(* Let $\psi:\mathbb{R}\to\mathbb{R}$ be of class $\mathcal{C}^1$ such that $\psi'(t)\to-\infty$ as $t\to-\infty$, $\psi'(t)\to+\infty$ as $t\to+\infty$, and $\psi'$ has only finitely many local extrema. Then there exist $0<\theta_0<\theta_1<\pi$ such that for every $\theta\in(0,\pi)\setminus(\theta_0,\theta_1)$, the function $\chi(t)=\psi(t)\sin\theta+t\cos\theta$ satisfies $\chi(t)\to+\infty$ as $t\to\pm\infty$ and $\chi$ has a unique local minimum. *)

From Stdlib Require Import Reals Lra List.
From Coquelicot Require Import Coquelicot.
Open Scope R_scope.

Definition is_local_min (f : R -> R) (t : R) : Prop :=
  exists d : R, 0 < d /\ forall y : R, Rabs (y - t) < d -> f t <= f y.

Definition is_local_max (f : R -> R) (t : R) : Prop :=
  exists d : R, 0 < d /\ forall y : R, Rabs (y - t) < d -> f y <= f t.

Definition is_local_extremum (f : R -> R) (t : R) : Prop :=
  is_local_min f t \/ is_local_max f t.

Definition finitely_many_local_extrema (f : R -> R) : Prop :=
  exists l : list R, forall t : R, is_local_extremum f t -> In t l.

Definition chi (psi : R -> R) (theta : R) (t : R) : R :=
  psi t * sin theta + t * cos theta.

(** Since [psi'] runs from [-oo] to [+oo] and has finitely many local extrema, all
    its local extreme values lie in some [[-B, B]].  A continuous function with
    these limits crosses a level [c] with [|c| > B] exactly once: otherwise it
    would have to turn back, producing a local extremum with value on the far side
    of [c].  Now [chi' = sin theta * (psi' - c)] with [c = - cot theta], and
    [|cot theta| > B] as soon as [theta] is close to [0] or to [PI].  For such
    [theta], [chi] strictly decreases and then strictly increases, with slope
    bounded away from [0] far out, which gives the limits and the unique local
    minimum. *)
From Stdlib Require Import Reals Lra List.
From Coquelicot Require Import Coquelicot.
Open Scope R_scope.

Lemma mvt_is_derive (g g' : R -> R) (a b : R) :
  (forall t, is_derive g t (g' t)) -> a < b ->
  exists xi, a < xi < b /\ g b - g a = g' xi * (b - a).
Proof.
  intros Hg Hab.
  destruct (MVT_cor2 g g' a b Hab) as [xi [E Hxi]].
  - intros t _. apply is_derive_Reals, Hg.
  - now exists xi.
Qed.

Section DeriveSign.
Variables g g' : R -> R.
Hypothesis Hg : forall t, is_derive g t (g' t).

Lemma decreasing_left_of_derive_neg (ts : R) :
  (forall t, t < ts -> g' t < 0) -> forall a b, a < b <= ts -> g b < g a.
Proof.
  intros Hneg a b [Hab Hb].
  destruct (mvt_is_derive g g' a b Hg Hab) as [xi [Hxi E]].
  assert (g' xi < 0) by (apply Hneg; lra).
  nra.
Qed.

Lemma increasing_right_of_derive_pos (ts : R) :
  (forall t, ts < t -> 0 < g' t) -> forall a b, ts <= a < b -> g a < g b.
Proof.
  intros Hpos a b [Ha Hab].
  destruct (mvt_is_derive g g' a b Hg Hab) as [xi [Hxi E]].
  assert (0 < g' xi) by (apply Hpos; lra).
  nra.
Qed.

Lemma is_lim_p_infty_of_derive_ge (a k : R) :
  0 < k -> (forall t, a < t -> k <= g' t) -> is_lim g p_infty p_infty.
Proof.
  intros Hk Hge P [M HM].
  exists (Rmax a (a + (M - g a) / k)). intros x Hx. apply HM.
  pose proof (Rmax_l a (a + (M - g a) / k)) as Hxa.
  pose proof (Rmax_r a (a + (M - g a) / k)) as HxM.
  destruct (mvt_is_derive g g' a x Hg ltac:(lra)) as [xi [Hxi E]].
  assert (k <= g' xi) by (apply Hge; lra).
  assert (M - g a < k * (x - a)).
  { replace (M - g a) with (k * ((M - g a) / k)) by (field; lra).
    apply Rmult_lt_compat_l; lra. }
  nra.
Qed.

Lemma is_lim_m_infty_of_derive_le (a k : R) :
  0 < k -> (forall t, t < a -> g' t <= - k) -> is_lim g m_infty p_infty.
Proof.
  intros Hk Hle P [M HM].
  exists (Rmin a (a - (M - g a) / k)). intros x Hx. apply HM.
  pose proof (Rmin_l a (a - (M - g a) / k)) as Hxa.
  pose proof (Rmin_r a (a - (M - g a) / k)) as HxM.
  destruct (mvt_is_derive g g' x a Hg ltac:(lra)) as [xi [Hxi E]].
  assert (g' xi <= - k) by (apply Hle; lra).
  assert (M - g a < k * (a - x)).
  { replace (M - g a) with (k * ((M - g a) / k)) by (field; lra).
    apply Rmult_lt_compat_l; lra. }
  nra.
Qed.

End DeriveSign.

Lemma valley_unique_local_min (h : R -> R) (ts : R) :
  (forall a b, a < b <= ts -> h b < h a) ->
  (forall a b, ts <= a < b -> h a < h b) ->
  exists! t, is_local_min h t.
Proof.
  intros Hdec Hinc. exists ts. split.
  - exists 1. split; [lra|]. intros y _.
    destruct (Rtotal_order y ts) as [Hy|[->|Hy]].
    + left. apply Hdec; lra.
    + lra.
    + left. apply Hinc; lra.
  - intros t [d [Hd Hmin]].
    destruct (Rtotal_order t ts) as [Ht|[Ht|Ht]]; [exfalso| |exfalso]; auto.
    + set (e := Rmin d (ts - t) / 2).
      assert (0 < Rmin d (ts - t)) by (apply Rmin_pos; lra).
      pose proof (Rmin_l d (ts - t)). pose proof (Rmin_r d (ts - t)).
      assert (h (t + e) < h t) by (apply Hdec; unfold e; lra).
      assert (h t <= h (t + e)); [|lra].
      apply Hmin. unfold e. rewrite Rabs_right; lra.
    + set (e := Rmin d (t - ts) / 2).
      assert (0 < Rmin d (t - ts)) by (apply Rmin_pos; lra).
      pose proof (Rmin_l d (t - ts)). pose proof (Rmin_r d (t - ts)).
      assert (h (t - e) < h t) by (apply Hinc; unfold e; lra).
      assert (h t <= h (t - e)); [|lra].
      apply Hmin. unfold e. rewrite Rabs_left; lra.
Qed.

Section LevelCrossing.
Variable f : R -> R.
Hypothesis Hc : forall t, continuity_pt f t.
Hypothesis Hm : forall A, exists N, forall x, x < N -> f x < A.
Hypothesis Hp : forall A, exists N, forall x, N < x -> A < f x.

Lemma attains_min_right (t : R) : exists p, t <= p /\ forall y, t <= y -> f p <= f y.
Proof.
  destruct (Hp (f t)) as [N HN].
  destruct (continuity_ab_min f t (Rmax t N) (Rmax_l _ _) (fun c _ => Hc c))
    as [p [Hmin Hpt]].
  exists p. split; [lra|]. intros y Hy.
  pose proof (Rmax_l t N). pose proof (Rmax_r t N).
  destruct (Rle_or_lt y (Rmax t N)) as [Hyle|Hygt].
  - apply Hmin; lra.
  - assert (f t < f y) by (apply HN; lra).
    assert (f p <= f t) by (apply Hmin; lra).
    lra.
Qed.

Lemma attains_max_left (p : R) : exists q, q <= p /\ forall y, y <= p -> f y <= f q.
Proof.
  destruct (Hm (f p)) as [N HN].
  destruct (continuity_ab_maj f (Rmin p N) p (Rmin_l _ _) (fun c _ => Hc c))
    as [q [Hmax Hqp]].
  exists q. split; [lra|]. intros y Hy.
  pose proof (Rmin_l p N). pose proof (Rmin_r p N).
  destruct (Rle_or_lt (Rmin p N) y) as [Hyge|Hylt].
  - apply Hmax; lra.
  - assert (f y < f p) by (apply HN; lra).
    assert (f p <= f q) by (apply Hmax; lra).
    lra.
Qed.

(* Let [p] minimise [f] on [[t, +oo)] and [q] maximise it on [(-oo, p]]; one of
   [q], [p], [x] is a local extremum whose value is at least [c]. *)
Lemma above_level_stays_above (c : R) :
  (forall p, is_local_extremum f p -> f p < c) ->
  forall x t, x < t -> c <= f x -> c < f t.
Proof.
  intros Hext x t Hxt Hx.
  destruct (Rlt_or_le c (f t)) as [Ht|Ht]; [exact Ht|exfalso].
  destruct (attains_min_right t) as [p [Htp Hpmin]].
  destruct (attains_max_left p) as [q [Hqp Hqmax]].
  assert (f x <= f q) by (apply Hqmax; lra).
  assert (f p <= f t) by (apply Hpmin; lra).
  destruct (Rle_lt_or_eq_dec q p Hqp) as [Hlt|<-].
  - assert (f q < c); [|lra].
    apply Hext. right. exists (p - q). split; [lra|].
    intros y Hy. apply Hqmax. apply Rabs_def2 in Hy. lra.
  - destruct (Rle_lt_or_eq_dec t q Htp) as [Hlt|<-].
    + assert (f q < c); [|lra].
      apply Hext. left. exists (q - t). split; [lra|].
      intros y Hy. apply Hpmin. apply Rabs_def2 in Hy. lra.
    + assert (f x < c); [|lra].
      apply Hext. right. exists (t - x). split; [lra|].
      intros y Hy. apply Rabs_def2 in Hy.
      assert (f y <= f t) by (apply Hqmax; lra). lra.
Qed.

Lemma level_crossing_above_extrema (c : R) :
  (forall p, is_local_extremum f p -> f p < c) ->
  exists ts, (forall t, t < ts -> f t < c) /\ (forall t, ts < t -> c < f t).
Proof.
  intros Hext.
  destruct (Hm c) as [N1 HN1]. destruct (Hp c) as [N2 HN2].
  set (a := Rmin N1 N2 - 1). set (b := Rmax N1 N2 + 1).
  pose proof (Rmin_l N1 N2). pose proof (Rmin_r N1 N2).
  pose proof (Rmax_l N1 N2). pose proof (Rmax_r N1 N2).
  assert (f a < c) by (apply HN1; unfold a; lra).
  assert (c < f b) by (apply HN2; unfold b; lra).
  destruct (IVT (fun t => f t - c) a b) as [z [Hz Hfz]].
  - intros t. apply continuity_pt_minus; [apply Hc|apply continuity_pt_const].
    now intros u v.
  - unfold a, b; lra.
  - lra.
  - lra.
  - exists z. split.
    + intros t Ht. destruct (Rlt_or_le (f t) c) as [Hlt|Hge]; [exact Hlt|].
      pose proof (above_level_stays_above c Hext t z Ht Hge). lra.
    + intros t Ht. apply (above_level_stays_above c Hext z t Ht). lra.
Qed.

End LevelCrossing.

Lemma local_extremum_reflect (f : R -> R) (p : R) :
  is_local_extremum (fun t => - f (- t)) p -> is_local_extremum f (- p).
Proof.
  assert (Hdist : forall y, Rabs (- y - p) = Rabs (y - - p)).
  { intros y. rewrite <- Rabs_Ropp. f_equal. ring. }
  intros [[d [Hd Hmin]]|[d [Hd Hmax]]]; [right|left]; exists d; split; auto;
    intros y Hy; rewrite <- Hdist in Hy.
  - specialize (Hmin (- y) Hy). rewrite Ropp_involutive in Hmin. lra.
  - specialize (Hmax (- y) Hy). rewrite Ropp_involutive in Hmax. lra.
Qed.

▬▬▬▬▬▬▬▬▬▬

**ASSIGNMENT**
Find the line with "assert (f x <= f q) by (apply Hqmax; lra)." in the entries above. Retype it and each line after it, exactly, through the line with "- specialize (Hmin", and stop there.

**TASK SOLUTION**
  assert (f x <= f q) by (apply Hqmax; lra).
  assert (f p <= f t) by (apply Hpmin; lra).
  destruct (Rle_lt_or_eq_dec q p Hqp) as [Hlt|<-].
  - assert (f q < c); [|lra].
    apply Hext. right. exists (p - q). split; [lra|].
    intros y Hy. apply Hqmax. apply Rabs_def2 in Hy. lra.
  - destruct (Rle_lt_or_eq_dec t q Htp) as [Hlt|<-].
    + assert (f q < c); [|lra].
      apply Hext. left. exists (q - t). split; [lra|].
      intros y Hy. apply Hpmin. apply Rabs_def2 in Hy. lra.
    + assert (f x < c); [|lra].
      apply Hext. right. exists (t - x). split; [lra|].
      intros y Hy. apply Rabs_def2 in Hy.
      assert (f y <= f t) by (apply Hqmax; lra). lra.
Qed.

Lemma level_crossing_above_extrema (c : R) :
  (forall p, is_local_extremum f p -> f p < c) ->
  exists ts, (forall t, t < ts -> f t < c) /\ (forall t, ts < t -> c < f t).
Proof.
  intros Hext.
  destruct (Hm c) as [N1 HN1]. destruct (Hp c) as [N2 HN2].
  set (a := Rmin N1 N2 - 1). set (b := Rmax N1 N2 + 1).
  pose proof (Rmin_l N1 N2). pose proof (Rmin_r N1 N2).
  pose proof (Rmax_l N1 N2). pose proof (Rmax_r N1 N2).
  assert (f a < c) by (apply HN1; unfold a; lra).
  assert (c < f b) by (apply HN2; unfold b; lra).
  destruct (IVT (fun t => f t - c) a b) as [z [Hz Hfz]].
  - intros t. apply continuity_pt_minus; [apply Hc|apply continuity_pt_const].
    now intros u v.
  - unfold a, b; lra.
  - lra.
  - lra.
  - exists z. split.
    + intros t Ht. destruct (Rlt_or_le (f t) c) as [Hlt|Hge]; [exact Hlt|].
      pose proof (above_level_stays_above c Hext t z Ht Hge). lra.
    + intros t Ht. apply (above_level_stays_above c Hext z t Ht). lra.
Qed.

End LevelCrossing.

Lemma local_extremum_reflect (f : R -> R) (p : R) :
  is_local_extremum (fun t => - f (- t)) p -> is_local_extremum f (- p).
Proof.
  assert (Hdist : forall y, Rabs (- y - p) = Rabs (y - - p)).
  { intros y. rewrite <- Rabs_Ropp. f_equal. ring. }
  intros [[d [Hd Hmin]]|[d [Hd Hmax]]]; [right|left]; exists d; split; auto;
    intros y Hy; rewrite <- Hdist in Hy.
  - specialize (Hmin (- y) Hy). rewrite Ropp_involutive in Hmin. lra.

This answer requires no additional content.